Aslına bakılırsa diğer akademisyenler, İncil'in yazarının, Magi'nin bilge adamlar olmasını kastetmediği konusunda ısrar ediyor; ya da daha doğrusu, yalnızca Scorsese'nin kastettiği anlamda, sahte büyüleri gerçek vahiy tarafından gölgede bırakılan hilekarlar ve dolandırıcılar olmalarını kastetmiyor. Matta'nın onları sahneye çıkarmaktaki amacı, destekleriyle övünmek değil, eskimişlikleriyle alay etmekti.
Yine de Magi, yani büyülü ziyaretçiler ideali varlığını sürdürüyor. Onların haklılığı tarihçi Anthony Grafton'un yeni kitabı "Magus: Faustus'tan Agrippa'ya Sihir Sanatı" ile devam ediyor; Kitap, Rönesans döneminde kendine özgü sihirbazların rolünü araştırıyor.
Açıkça Matta'cılardan geldiklerini iddia eden bu büyücüler, birkaç yüz yıl boyunca, uzun süredir batıl inançla bilime dönüşecek olan arasındaki sınırda faaliyet gösterdiler.
Alman Rönesans bilgesi Johannes Trithemius, "Magi, bilge adamlara verilen isimdir. İlahi, insani ve doğal öğrenmeyi sevdiğim için, onların arasında 'philomagus' olarak anılmaktan utanmıyorum.

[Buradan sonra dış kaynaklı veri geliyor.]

(* Let $n\geq m\geq 1$ and let $\mathcal{C},\mathcal{D}\subseteq\binom{[n]}{m}$ be collections of $m$-subsets of $[n]=\{1,\dots,n\}$ such that the strata $\mathcal{S}^{tnz}_{\mathcal{C}}(\mathbb{R})$ and $\mathcal{S}^{tnz}_{\mathcal{D}}(\mathbb{R})$ are non-empty. Then $\mathcal{S}^{tnz}_{\mathcal{C}}(\mathbb{R})$ and $\mathcal{S}^{tnz}_{\mathcal{D}}(\mathbb{R})$ lie in the same orbit of the action of $S_n$ on $\mathcal{S}^{tnz}_{mn}(\mathbb{R})$ if and only if for any two matrices $M=(v_1,\dots,v_n),N=(w_1,\dots,w_n)\in Mat^{tnz}_{mn}(\mathbb{R})$ with $GL_m(\mathbb{R})M\in\mathcal{S}^{tnz}_{\mathcal{C}}(\mathbb{R})$ and $GL_m(\mathbb{R})N\in\mathcal{S}^{tnz}_{\mathcal{D}}(\mathbb{R})$, the sets $S=\{v_1,\dots,v_n\}$ and $T=\{w_1,\dots,w_n\}$ are isomorphic generic point arrangements.
   Context: A point arrangement $S=\{v_1,\dots,v_n\}\subset\mathbb{R}^m$ is generic if every subset of $S$ of cardinality at most $m$ is linearly independent. Two generic point arrangements $S_1,S_2\subset\mathbb{R}^m$ are isomorphic if there is a bijection $\sigma:S_1\to S_2$ such that for every $(m+1)$-subset $\{v_{i_1},\dots,v_{i_{m+1}}\}\subseteq S_1$, writing $v_{i_{m+1}}=\sum_{j=1}^m a_jv_{i_j}$ and $\sigma(v_{i_{m+1}})=\sum_{j=1}^m b_j\sigma(v_{i_j})$, one has $a_jb_j>0$ for all $1\le j\le m$. $Mat^{tnz}_{mn}(\mathbb{R})$ is the set of real $m\times n$ matrices all of whose maximal ($m\times m$) minors $\Delta_I(M)=\det(M_I)$, $I\in\binom{[n]}{m}$ ($M_I$ the submatrix on columns $I$), are nonzero; $Gr^{tnz}_{mn}(\mathbb{R})=GL_m(\mathbb{R})\backslash Mat^{tnz}_{mn}(\mathbb{R})$ (left multiplication). For $\mathcal{C}\subseteq\binom{[n]}{m}$ the stratum $\mathcal{S}^{tnz}_{\mathcal{C}}(\mathbb{R})$ is the set of $GL_m(\mathbb{R})M\in Gr^{tnz}_{mn}(\mathbb{R})$ such that either $\Delta_I(M)>0$ for all $I\in\mathcal{C}$ and $\Delta_I(M)<0$ for all $I\notin\mathcal{C}$, or $\Delta_I(M)<0$ for all $I\in\mathcal{C}$ and $\Delta_I(M)>0$ for all $I\notin\mathcal{C}$ (so $\mathcal{S}^{tnz}_{\mathcal{C}}=\mathcal{S}^{tnz}_{\binom{[n]}{m}\setminus\mathcal{C}}$). $\mathcal{S}^{tnz}_{mn}(\mathbb{R})$ denotes the set of non-empty strata. The symmetric group $S_n$ acts on $Gr^{tnz}_{mn}(\mathbb{R})$ by $\sigma\bullet GL_m(\mathbb{R})(v_1,\dots,v_n)=GL_m(\mathbb{R})(v_{\sigma^{-1}(1)},\dots,v_{\sigma^{-1}(n)})$, which induces an action on $\mathcal{S}^{tnz}_{mn}(\mathbb{R})$: $\sigma\bullet\mathcal{S}^{tnz}_{\mathcal{C}}(\mathbb{R})$ is the stratum containing $\sigma\bullet GL_m(\mathbb{R})M$ for any $GL_m(\mathbb{R})M\in\mathcal{S}^{tnz}_{\mathcal{C}}(\mathbb{R})$. *)

From HB Require Import structures.
From mathcomp Require Import all_boot all_order all_algebra all_fingroup.
From mathcomp Require Import reals.
Set Implicit Arguments. Unset Strict Implicit. Unset Printing Implicit Defensive.
Import Order.TTheory GRing.Theory Num.Theory.
Local Open Scope ring_scope.

Section Defs.
Variables (R : realType) (m n : nat).

(* The maximal minor Delta_I(M) for I an m-subset of [n]: determinant of the
   submatrix on the columns of I taken in increasing order
   (enum I lists the elements of I in increasing order). *)
Definition minor (M : 'M[R]_(m, n)) (I : {set 'I_n}) : R :=
  \det (\matrix_(i < m, j < m) oapp (M i) 0 (onth (enum I) j)).

Definition tnz (M : 'M[R]_(m, n)) : Prop :=
  forall I : {set 'I_n}, #|I| = m -> minor M I != 0.

(* GL_m(R) M lies in the stratum S^tnz_C(R) (the condition is GL_m-invariant). *)
Definition in_stratum (C : {set {set 'I_n}}) (M : 'M[R]_(m, n)) : Prop :=
  tnz M /\
  ((forall I : {set 'I_n}, #|I| = m ->
      (I \in C -> 0 < minor M I) /\ (I \notin C -> minor M I < 0)) \/
   (forall I : {set 'I_n}, #|I| = m ->
      (I \in C -> minor M I < 0) /\ (I \notin C -> 0 < minor M I))).

Definition perm_act (s : 'S_n) (M : 'M[R]_(m, n)) : 'M[R]_(m, n) :=
  \matrix_(i < m, j < n) M i ((s^-1)%g j).

Definition generic (M : 'M[R]_(m, n)) : Prop :=
  forall (k : nat) (f : 'I_k -> 'I_n), (k <= m)%N -> injective f ->
  forall c : 'I_k -> R, \sum_(i < k) c i *: col (f i) M = 0 ->
  forall i, c i = 0.

(* The arrangements given by the columns of M and N are isomorphic generic
   point arrangements; the bijection is given by a permutation p of the
   indices (v_i |-> w_{p i}).  For every (m+1)-subset, with any choice of
   distinguished element v_k and remaining elements v_{g 0},...,v_{g (m-1)},
   the coefficients of the (unique) expansions have equal signs. *)
Definition iso_arrangement (M N : 'M[R]_(m, n)) : Prop :=
  generic M /\ generic N /\
  exists p : 'S_n,
    forall (g : 'I_m -> 'I_n) (k : 'I_n), injective g -> k \notin codom g ->
    forall a b : 'I_m -> R,
      col k M = \sum_(j < m) a j *: col (g j) M ->
      col (p k) N = \sum_(j < m) b j *: col (p (g j)) N ->
      forall j, 0 < a j * b j.

End Defs.

From HB Require Import structures.
From mathcomp Require Import all_boot all_order all_algebra all_fingroup.
From mathcomp Require Import reals lra zify.
Import Order.TTheory GRing.Theory Num.Theory.
Local Open Scope ring_scope.
Set Implicit Arguments. Unset Strict Implicit. Unset Printing Implicit Defensive.

(* For an injective choice h of m columns write coldet X h for the determinant
   of these columns of X, and call X and Y coherent along f : 'I_n -> 'I_n when
   coldet X h * coldet Y (f \o h) has the same sign for all injective h.
   - Two tnz matrices lie in a common stratum iff they are coherent along the
     identity (coldet is a maximal minor up to a sign that depends on h only),
     and X is coherent with Y along s iff s . X is coherent with Y along id.
   - By Cramer's rule, exchanging column j of h for column k multiplies
     coldet X h * coldet Y (f \o h) by a_j b_j, the j-th expansion coefficients
     of column k of X and of column f k of Y.  Hence coherence along s makes all
     these coefficients agree in sign, i.e. the arrangements are isomorphic.
   - Conversely, an isomorphism p makes this product invariant in sign under
     exchanges and under reorderings; since any two injective choices are
     linked by such moves, X and Y are coherent along p.
   The theorem follows by chaining coherences through fixed members of the two
   strata. *)

Section ColumnDeterminants.
Variables (R : fieldType) (m n : nat).
Implicit Types (X : 'M[R]_(m, n)) (h : 'I_m -> 'I_n).

Definition coldet X h : R := \det (\matrix_(i < m, j < m) X i (h j)).

Lemma coldet_ext X h h' : h =1 h' -> coldet X h = coldet X h'.
Proof. by move=> eh; congr (\det _); apply/matrixP=> i j; rewrite !mxE eh. Qed.

Lemma coldet_perm X h (t : 'S_m) : coldet X (h \o t) = (-1) ^+ t * coldet X h.
Proof.
rewrite /coldet; have -> : \matrix_(i < m, j < m) X i ((h \o t) j) =
    col_perm t (\matrix_(i < m, j < m) X i (h j)).
  by apply/matrixP=> i j; rewrite !mxE.
by rewrite col_permE det_mulmx det_perm odd_permV mulrC.
Qed.

Lemma coldet_perm_mul X Y h g (t : 'S_m) :
  coldet X (h \o t) * coldet Y (g \o t) = coldet X h * coldet Y g.
Proof. by rewrite !coldet_perm mulrACA -expr2 -signr_odd sqrr_sign mul1r. Qed.

Lemma mulmx_cols X h (x : 'cV[R]_m) :
  (\matrix_(i < m, j < m) X i (h j)) *m x = \sum_j x j 0 *: col (h j) X.
Proof.
apply/matrixP=> r c; rewrite !mxE summxE; apply: eq_bigr => j _.
by rewrite !mxE (ord1 c) mulrC.
Qed.

Lemma coldet_cols_free X h (c : 'I_m -> R) : coldet X h != 0 ->
  \sum_j c j *: col (h j) X = 0 -> forall j, c j = 0.
Proof.
set A := \matrix_(i < m, j < m) X i (h j) => nzA comb j.
have uA : A \in unitmx by rewrite unitmxE unitfE.
have : A *m \col_l c l = 0.
  by rewrite mulmx_cols -[RHS]comb; apply: eq_bigr => l _; rewrite mxE.
move/(congr1 (mulmx (invmx A))); rewrite mulKmx // mulmx0.
by move/matrixP/(_ j 0); rewrite !mxE.
Qed.

Lemma coldet_cols_span X h k : coldet X h != 0 ->
  exists a : 'I_m -> R, col k X = \sum_l a l *: col (h l) X.
Proof.
set A := \matrix_(i < m, j < m) X i (h j) => nzA.
have uA : A \in unitmx by rewrite unitmxE unitfE.
exists (fun l => (invmx A *m col k X) l 0).
by rewrite -mulmx_cols mulKVmx.
Qed.

Lemma cramer_rule (A : 'M[R]_m) (x c : 'cV[R]_m) j : A *m x = c ->
  x j 0 * \det A = \det (\matrix_(r, l) if l == j then c r 0 else A r l).
Proof.
move=> Axc; set Aj := \matrix_(r, l) _.
have cofj i : cofactor Aj i j = cofactor A i j.
  rewrite /cofactor; congr (_ * \det _).
  by apply/matrixP=> r l; rewrite !mxE eq_sym (negbTE (neq_lift j l)).
have : \adj A *m c = \det A *: x by rewrite -Axc mulmxA mul_adj_mx mul_scalar_mx.
move/matrixP/(_ j 0); rewrite !mxE mulrC => <-.
rewrite (expand_det_col Aj j); apply: eq_bigr => i _.
by rewrite !mxE eqxx cofj mulrC.
Qed.

Definition upd h (j : 'I_m) (k : 'I_n) : 'I_m -> 'I_n :=
  fun l => if l == j then k else h l.

Lemma upd_inj h j k : injective h -> k \notin codom h -> injective (upd h j k).
Proof.
move=> hi kh l1 l2; rewrite /upd.
case: eqP => [->|_]; case: eqP => [->|_] // e; last exact: hi.
- by rewrite e codom_f in kh.
- by rewrite -e codom_f in kh.
Qed.

Lemma expansion_coef X h k (a : 'I_m -> R) j :
  col k X = \sum_l a l *: col (h l) X -> a j * coldet X h = coldet X (upd h j k).
Proof.
move=> e; have Ax : (\matrix_(i < m, l < m) X i (h l)) *m (\col_l a l) = col k X.
  by rewrite mulmx_cols e; apply: eq_bigr => l _; rewrite mxE.
have := cramer_rule j Ax; rewrite mxE => ->; congr (\det _).
by apply/matrixP=> r l; rewrite !mxE /upd; case: eqP.
Qed.

End ColumnDeterminants.

Section Signs.
Variable R : realDomainType.

Lemma same_sign_trans (x y z : R) : 0 < x * y -> 0 < y * z -> 0 < x * z.
Proof. nra. Qed.

Lemma mul_self_gt0 (x : R) : x != 0 -> 0 < x * x.
Proof. by move=> nx; rewrite -expr2 exprn_even_gt0 //= nx orbT. Qed.

Lemma const_sign (T : finType) (P : pred T) (f : T -> R) :
  (forall x y, P x -> P y -> 0 < f x * f y) ->
  (forall x, P x -> 0 < f x) \/ (forall x, P x -> f x < 0).
Proof.
move=> pos; case: (pickP P) => [x0 Px0|noP]; last by left=> x; rewrite noP.
have := pos x0 x0 Px0 Px0; have [f0_gt0|f0_le0] := ltP 0 (f x0) => f0_sq.
- by left=> x Px; have := pos x0 x Px0 Px; nra.
- by right=> x Px; have := pos x0 x Px0 Px; nra.
Qed.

Bu benim takip ettiğim büyüm.” diyor.
Grafton'un büyücüleri çekici bir çete, çünkü inançla gerçek olacak şey arasındaki sınır boşluğunu işgal ettikleri ortaya çıktı. Grafton'un eğlenceli bir şekilde aktardığı gibi, araştırmalarının ördüğü entelektüel doku, saçma sistem ile özgün keşfin, sistematik sahtekarlık ile şaşırtıcı özgünlüğün, apaçık saçmalık ile potansiyel yeniliğin birbirine dolanmasıydı.
Ortaçağ büyücülerinin, gökleri ve gezegenleri haritalandırarak astronomiyi özenle ilerlettiklerini görüyoruz; arzu edilen bir amaç, Jüpiter ve Satürn'ün gezegensel kavuşumlarını tahmin etmekti; bu, insanlık tarihindeki tüm önemli dönüm noktalarına işaret ettiğine inanılan sözde büyük kavuşumdu.

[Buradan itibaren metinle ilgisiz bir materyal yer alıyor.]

(* Let $\lambda\in\mathbb{C}$ and $n,k\in\mathbb{N}_0$. Then $$\int_{0}^{1}y_{3}(n,k;\lambda;1,x)\,dx=\frac{1}{n+1}\sum_{m=0}^{n}k^{m}\,y_{1}(n-m,k;\lambda),$$ or equivalently $$\int_{0}^{1}y_{3}(n,k;\lambda;1,x)\,dx=\frac{1}{(n+1)k!}\sum_{j=0}^{k}\binom{k}{j}\lambda^{j}\sum_{m=0}^{n}k^{m}j^{n-m}.$$
   Context: For $a,b\in\mathbb{R}$, $\lambda\in\mathbb{C}$ and $k\in\mathbb{N}_0$: the numbers $y_3(n,k;\lambda;a,b)$ are defined by $\frac{e^{bkt}}{k!}(\lambda e^{(a-b)t}+1)^{k}=\sum_{n\ge0}y_{3}(n,k;\lambda;a,b)\frac{t^{n}}{n!}$ (so $y_3(n,k;\lambda;1,x)$ is a polynomial in $x$), and the numbers $y_1(n,k;\lambda)$ by $\frac{1}{k!}(\lambda e^{t}+1)^{k}=\sum_{n\ge0}y_{1}(n,k;\lambda)\frac{t^{n}}{n!}$. Convention: $0^0=1$. *)

From Stdlib Require Import Reals Factorial.
From Coquelicot Require Import Coquelicot.
Open Scope R_scope.

Definition egf (c : nat -> C) (F : R -> C) : Prop :=
  forall t : R, is_series (fun n => Cmult (RtoC (t ^ n / INR (fact n))) (c n)) (F t).

Definition gen_y3 (k : nat) (lam : C) (a b : R) (t : R) : C :=
  Cmult (RtoC (exp (b * INR k * t) / INR (fact k)))
        (Cpow (Cplus (Cmult lam (RtoC (exp ((a - b) * t)))) (RtoC 1)) k).

Definition gen_y1 (k : nat) (lam : C) (t : R) : C :=
  Cmult (RtoC (/ INR (fact k)))
        (Cpow (Cplus (Cmult lam (RtoC (exp t))) (RtoC 1)) k).

Definition Csum (f : nat -> C) (N : nat) : C := @sum_n C_Ring f N.

Definition CRInt (f : R -> C) (a b : R) : C := @RInt C_R_CompleteNormedModule f a b.

From Stdlib Require Import Reals Factorial Lia Lra.
From Coquelicot Require Import Coquelicot.
Open Scope R_scope.

(* With [w_j = C(k,j) lam^j / k!], the binomial theorem writes both generating
   functions as finite sums of exponentials:
     gen_y3 k lam 1 x t = sum_j w_j e^((x k + j (1 - x)) t),   gen_y1 k lam t = sum_j w_j e^(j t).
   Uniqueness of exponential generating functions then gives
     y3(n,k;lam;1,x) = sum_j w_j (x k + j (1 - x))^n   and   y1(n,k;lam) = sum_j w_j j^n,
   and the theorem follows from
     int_0^1 (x k + (1 - x) j)^n dx = (1/(n+1)) sum_{m<=n} k^m j^(n-m),
   the latter being (k^(n+1) - j^(n+1)) / ((n+1) (k - j)) when k <> j. *)

Lemma Csum_O (f : nat -> C) : Csum f 0 = f 0%nat.
Proof. exact (sum_O f). Qed.

Lemma Csum_Sn (f : nat -> C) N : Csum f (S N) = (Csum f N + f (S N))%C.
Proof. exact (sum_Sn f N). Qed.

Lemma Csum_shift (f : nat -> C) N :
  Csum f (S N) = (f 0%nat + Csum (fun j => f (S j)) N)%C.
Proof. unfold Csum, sum_n. rewrite sum_Sn_m, sum_n_m_S by lia. reflexivity. Qed.

Lemma Csum_ext_loc (f g : nat -> C) N :
  (forall j, (j <= N)%nat -> f j = g j) -> Csum f N = Csum g N.
Proof. exact (sum_n_ext_loc f g N). Qed.

Lemma Csum_ext (f g : nat -> C) N : (forall j, f j = g j) -> Csum f N = Csum g N.
Proof. intros H. apply Csum_ext_loc. auto. Qed.

Lemma Csum_plus (f g : nat -> C) N :
  Csum (fun j => f j + g j)%C N = (Csum f N + Csum g N)%C.
Proof. exact (sum_n_plus f g N). Qed.

Lemma Csum_mult_l (a : C) (f : nat -> C) N :
  Csum (fun j => a * f j)%C N = (a * Csum f N)%C.
Proof. exact (sum_n_mult_l a f N). Qed.

Lemma Csum_switch (f : nat -> nat -> C) M N :
  Csum (fun i => Csum (f i) N) M = Csum (fun j => Csum (fun i => f i j) M) N.
Proof. exact (sum_n_switch f M N). Qed.

Lemma RtoC_sum_f_R0 (f : nat -> R) N : RtoC (sum_f_R0 f N) = Csum (fun n => RtoC (f n)) N.
Proof.
  induction N as [|N IH]; [now rewrite Csum_O|].
  rewrite Csum_Sn, <- IH. apply RtoC_plus.
Qed.

Lemma Re_sum_n (f : nat -> C) N : Re (sum_n f N) = sum_n (fun n => Re (f n)) N.
Proof.
  induction N as [|N IH]; [now rewrite !sum_O|].
  now rewrite !sum_Sn, <- IH.
Qed.

Lemma Im_sum_n (f : nat -> C) N : Im (sum_n f N) = sum_n (fun n => Im (f n)) N.
Proof.
  induction N as [|N IH]; [now rewrite !sum_O|].
  now rewrite !sum_Sn, <- IH.
Qed.

Lemma RtoC_sum_n (f : nat -> R) N : RtoC (sum_n f N) = sum_n (fun n => RtoC (f n)) N.
Proof.
  induction N as [|N IH]; [now rewrite !sum_O|].
  rewrite !sum_Sn, <- IH. apply RtoC_plus.
Qed.

Lemma is_series_Re (f : nat -> C) l :
  is_series f l -> is_series (fun n => Re (f n)) (Re l).
Proof.
  intros H. apply filterlim_locally. intros eps.
  generalize (proj1 (filterlim_locally _ _) H eps). apply filter_imp.
  intros N [HRe _]. rewrite <- Re_sum_n. exact HRe.
Qed.

Lemma is_series_Im (f : nat -> C) l :
  is_series f l -> is_series (fun n => Im (f n)) (Im l).
Proof.
  intros H. apply filterlim_locally. intros eps.
  generalize (proj1 (filterlim_locally _ _) H eps). apply filter_imp.
  intros N [_ HIm]. rewrite <- Im_sum_n. exact HIm.
Qed.

Lemma is_series_RtoC (f : nat -> R) l :
  is_series f l -> is_series (fun n => RtoC (f n)) (RtoC l).
Proof.
  intros H. apply filterlim_locally. intros eps.
  generalize (proj1 (filterlim_locally _ _) H eps). apply filter_imp.
  intros N HN. rewrite <- RtoC_sum_n. split; [exact HN|apply ball_center].
Qed.

Lemma exp_series_coef_eq0 (a : nat -> R) :
  (forall t, is_series (fun n => t ^ n / INR (fact n) * a n) 0) ->
  forall n, a n = 0.
Proof.
  intros H n.
  set (b m := a m / INR (fact m)).
  assert (Hb : forall t, is_pseries b t 0).
  { intros t. eapply is_series_ext; [|apply (H t)]. intros m.
    rewrite pow_n_pow. unfold b, scal; simpl. unfold mult; simpl.
    field. apply INR_fact_neq_0. }
  (* The series converges at 1, so the radius is positive and the coefficients
     of [PSeries b = 0] are its derivatives at 0. *)
  assert (HR : Rbar_lt 0 (CV_radius b)).
  { destruct (Rbar_lt_dec (CV_radius b) (Rabs 1)) as [Hlt|Hge].
    - exfalso. apply (CV_disk_outside b 1 Hlt).
      eapply is_lim_seq_ext; [|apply ex_series_lim_0; exists 0; apply (Hb 1)].
      intros m. simpl. rewrite pow_n_pow, pow1. unfold scal; simpl. unfold mult; simpl. ring.
    - rewrite Rabs_R1 in Hge. destruct (CV_radius b); simpl in *; lra. }
  generalize (Derive_n_coef b n HR).
  rewrite (Derive_n_ext _ (fun _ => 0) n 0 (fun t => is_pseries_unique _ _ _ (Hb t))).
  replace (Derive_n (fun _ : R => 0) n 0) with 0 by (destruct n; [|rewrite Derive_n_const]; reflexivity).
  unfold b. intros E. field_simplify in E; [lra|apply INR_fact_neq_0].
Qed.

Lemma egf_zero (c : nat -> C) : egf c (fun _ => RtoC 0) -> forall n, c n = RtoC 0.
Proof.
  intros H n. apply injective_projections; simpl.
  - apply (exp_series_coef_eq0 (fun m => Re (c m))). intros t.
    eapply is_series_ext; [|apply (is_series_Re _ _ (H t))].
    intros m. apply re_scal_l.
  - apply (exp_series_coef_eq0 (fun m => Im (c m))). intros t.
    eapply is_series_ext; [|apply (is_series_Im _ _ (H t))].
    intros m. apply im_scal_l.
Qed.

Lemma egf_unique (c d : nat -> C) (F : R -> C) :
  egf c F -> egf d F -> forall n, c n = d n.
Proof.
  intros Hc Hd n.
  assert (Hcd : egf (fun m => (c m - d m)%C) (fun _ => RtoC 0)).
  { intros t. replace (RtoC 0) with (minus (F t) (F t)) by (apply (Ceq_minus (F t)); reflexivity).
    eapply is_series_ext; [|apply (is_series_minus _ _ _ _ (Hc t) (Hd t))].
    intros m. unfold minus, plus, opp; simpl. ring. }
  apply Ceq_minus, (egf_zero _ Hcd).
Qed.

Lemma egf_exp (w : C) (r : R) :
  egf (fun n => (w * RtoC (r ^ n))%C) (fun t => (w * RtoC (exp (r * t)))%C).
Proof.
  intros t.
  assert (H := is_series_scal w _ _ (is_series_RtoC _ _ (is_exp_Reals (r * t)))).
  eapply is_series_ext; [|exact H].
  intros n. rewrite pow_n_pow, Rpow_mult_distr. unfold scal; simpl. unfold mult; simpl.
  unfold Rdiv. rewrite !RtoC_mult. ring.
Qed.

Lemma egf_Csum (c : nat -> nat -> C) (F : nat -> R -> C) K :
  (forall j, egf (c j) (F j)) ->
  egf (fun n => Csum (fun j => c j n) K) (fun t => Csum (fun j => F j t) K).
Proof.
  intros H t. induction K as [|K IH].
  - rewrite Csum_O. eapply is_series_ext; [|apply (H 0%nat t)].
    intros n. now rewrite Csum_O.
  - rewrite Csum_Sn. eapply is_series_ext; [|exact (is_series_plus _ _ _ _ IH (H (S K) t))].
    intros n. rewrite Csum_Sn. symmetry. apply Cmult_plus_distr_l.
Qed.

Lemma egf_coef_sum_exp (c : nat -> C) (F : R -> C) (w : nat -> C) (r : nat -> R) K :
  egf c F ->
  (forall t, F t = Csum (fun j => w j * RtoC (exp (r j * t)))%C K) ->
  forall n, c n = Csum (fun j => w j * RtoC (r j ^ n))%C K.
Proof.
  intros Hc HF n. symmetry.
  apply (egf_unique (fun m => Csum (fun j => w j * RtoC (r j ^ m))%C K) c F); [|exact Hc].
  intros t. rewrite HF.
  exact (egf_Csum (fun j m => w j * RtoC (r j ^ m))%C
           (fun j s => w j * RtoC (exp (r j * s)))%C K
           (fun j => egf_exp (w j) (r j)) t).
Qed.

(* Pascal's triangle, extended by zeros: unlike [Binomial.C n j], which is junk
   for [j > n], it vanishes there, so the binomial theorem needs no range side
   conditions. *)
Fixpoint binom (n j : nat) : R :=
  match j with
  | O => 1
  | S j' => match n with O => 0 | S n' => binom n' j' + binom n' j end
  end.

Lemma binom_n0 n : binom n 0 = 1.
Proof. now destruct n. Qed.

Lemma binom_gt n j : (n < j)%nat -> binom n j = 0.
Proof.
  revert j; induction n as [|n IH]; intros [|j] Hj; simpl; try lia; [reflexivity|].
  rewrite !IH by lia. ring.
Qed.

Lemma binom_C n j : (j <= n)%nat -> binom n j = Binomial.C n j.
Proof.
  revert j; induction n as [|n IH]; intros [|j] Hj; try lia.
  1-2: now rewrite C_n_0.
  - simpl binom. destruct (Nat.eq_dec j n) as [->|Hjn].
    + rewrite (binom_gt n (S n)), IH, !C_n_n by lia. ring.
    + rewrite !IH by lia. apply pascal. lia.
Qed.

Lemma Cpow_add1 (z : C) k :
  Cpow (z + RtoC 1) k = Csum (fun j => RtoC (binom k j) * Cpow z j)%C k.
Proof.
  induction k as [|k IH]; [rewrite Csum_O; simpl; ring|].
  set (T := Csum (fun j => RtoC (binom k (S j)) * Cpow z (S j))%C k).
  assert (HT : Csum (fun j => RtoC (binom k j) * Cpow z j)%C k = (RtoC 1 + T)%C).
  { transitivity (Csum (fun j => RtoC (binom k j) * Cpow z j)%C (S k)).
    - rewrite Csum_Sn, (binom_gt k (S k)) by lia. ring.
    - rewrite Csum_shift, binom_n0. cbv beta. fold T. ring. }
  assert (HS : Csum (fun j => RtoC (binom (S k) (S j)) * Cpow z (S j))%C k
               = (z * Csum (fun j => RtoC (binom k j) * Cpow z j)%C k + T)%C).
  { unfold T. rewrite <- Csum_mult_l, <- Csum_plus. apply Csum_ext. intros j.
    simpl binom. rewrite RtoC_plus, Cpow_S. ring. }
  rewrite Cpow_S, IH, Csum_shift. cbv beta. rewrite HS, HT, binom_n0. ring.
Qed.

On üçüncü yüzyıl İngiliz bilim adamı Roger Bacon, Grafton'a göre, "yalnızca altı büyük dinin var olabileceğini savundu; bunların her biri, bir gezegenin Jüpiter ile birleşimi tarafından yönetiliyordu; örneğin Yahudilik, Satürn'ün diniydi." (Bu çok saçma görünüyorsa, en son büyük kavuşumun 2020'de olduğunu unutmayın; bu, kesinlikle bu bilgelerin tahmin edebileceği kadar önemli bir yıldı.)
Grafton'un görüşünün yeniliği, müneccimleri önemli kılan şeyin onların mitleri değil, makineleri olmasıdır. Bir şeyler yaptılar ve onların yaptıklarına dayanarak teorik bilime değil teknolojiye ulaştık.

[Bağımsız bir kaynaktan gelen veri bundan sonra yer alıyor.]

Theorem corollary1 (R : realType) (n m k : nat) (A : 'M[R]_n) (B : 'M[R]_m)
  (hk0 : (0 < k)%N) (hk : (k <= n + m)%N)
  (p : 'I_(ihi m k - ilo n k).+1 -> \bar R)
  (hp : forall i, (1%:E <= p i)%E)
  (nu0 : 'cV[R]_(ihi m k - ilo n k).+1 -> R)
  (hnu0 : is_norm nu0) (hmon : monotonic nu0)
  (P : 'M[R]_('C(n + m, k))) (hP : is_perm_mx P)
  (hPC : addcomp k (block_mx A 0 0 B)
         = P *m castmx (bdim_sum hk, bdim_sum hk) (blockD k A B) *m invmx P) :
  let normx (x : 'cV[R]_('C(n + m, k))) :=
    nu0 (\col_i Lp_norm (p i)
           (@submxcol _ _ (bdim n m k) _ (castmx (esym (bdim_sum hk), erefl) x) i)) in
  let normP (x : 'cV[R]_('C(n + m, k))) := normx (invmx P *m x) in
  let f (i : 'I_(ihi m k - ilo n k).+1) :=
    matmeas (Lp_norm (p i)) (addcomp (k - (ilo n k + i)) A)
    + matmeas (Lp_norm (p i)) (addcomp (ilo n k + i) B) in
  let g (i : 'I_(ihi m k - ilo n k).+1) :=
    - matmeas (Lp_norm (p i)) (- addcomp (k - (ilo n k + i)) A)
    - matmeas (Lp_norm (p i)) (- addcomp (ilo n k + i) B) in
  matmeas normP (addcomp k (block_mx A 0 0 B)) = \big[Num.max/f ord0]_i f i
  /\ \big[Num.min/g ord0]_i g i <= matmeas normP (addcomp k (block_mx A 0 0 B)).
Proof.
move=> normx normP f g.
have P_unit : P \in unitmx by case/is_perm_mxP: hP => s ->; exact: unitmx_perm.
have meas_eq : matmeas normP (addcomp k (block_mx A 0 0 B)) = \big[Num.max/f ord0]_i f i.
  have -> : normP = fun x => block_norm (fun i => @Lp_norm R (p i) (bdim n m k i)) nu0
                               (castmx (esym (bdim_sum hk), erefl) (invmx P *m x)) by [].
  have -> : f = fun i => matmeas (Lp_norm (p i))
      (kronsum (addcomp (k - (ilo n k + i)) A) (addcomp (ilo n k + i) B)).
    by apply/funext => i; rewrite matmeas_kronsum ?bdim_factorl_gt0 ?bdim_factorr_gt0.
  rewrite hPC matmeas_similar_castmx //; apply: matmeas_mxdiag => // i.
  - exact: Lp_norm_is_norm.
  - exact: Lp_norm_monotonic.
  - by rewrite muln_gt0 bdim_factorl_gt0 bdim_factorr_gt0.
split=> //; rewrite meas_eq.
apply: (@le_trans _ _ (g ord0)); first exact: bigmin_le.
apply: (@le_trans _ _ (f ord0)); last exact: le_bigmax.
by apply: lerD; apply: matmeasN_le; rewrite ?bdim_factorl_gt0 ?bdim_factorr_gt0 //;
  solve [exact: Lp_norm_is_norm | exact: Lp_norm_monotonic].
Qed.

Rönesans büyücülerini bizim gerçek atalarımız yapan, onların deyimiyle "gerçek yapay büyü"nün varlığının kurnazca tanınmasıydı. Görünüşe göre otomatlar ve usturlaplar onların aparatlarının parçalarıydı. Bilim ve büyü arasındaki değil, zanaat mühendisliği ile hayal gücü arasındaki engeli aşarak, şu an içinde yaşadığımız bu dünyanın ortaya çıkmasına yardımcı oldular.
Anlamadığımız yöntemlerle çalışan herhangi bir makinenin sihir gibi göründüğünü ve ayrıca tüm bu tür mekanizmaların eğitimsiz gözlere şeytan gibi görüneceğini kavrayarak şaşırtıcı otomatlar yapmayı seviyorlardı.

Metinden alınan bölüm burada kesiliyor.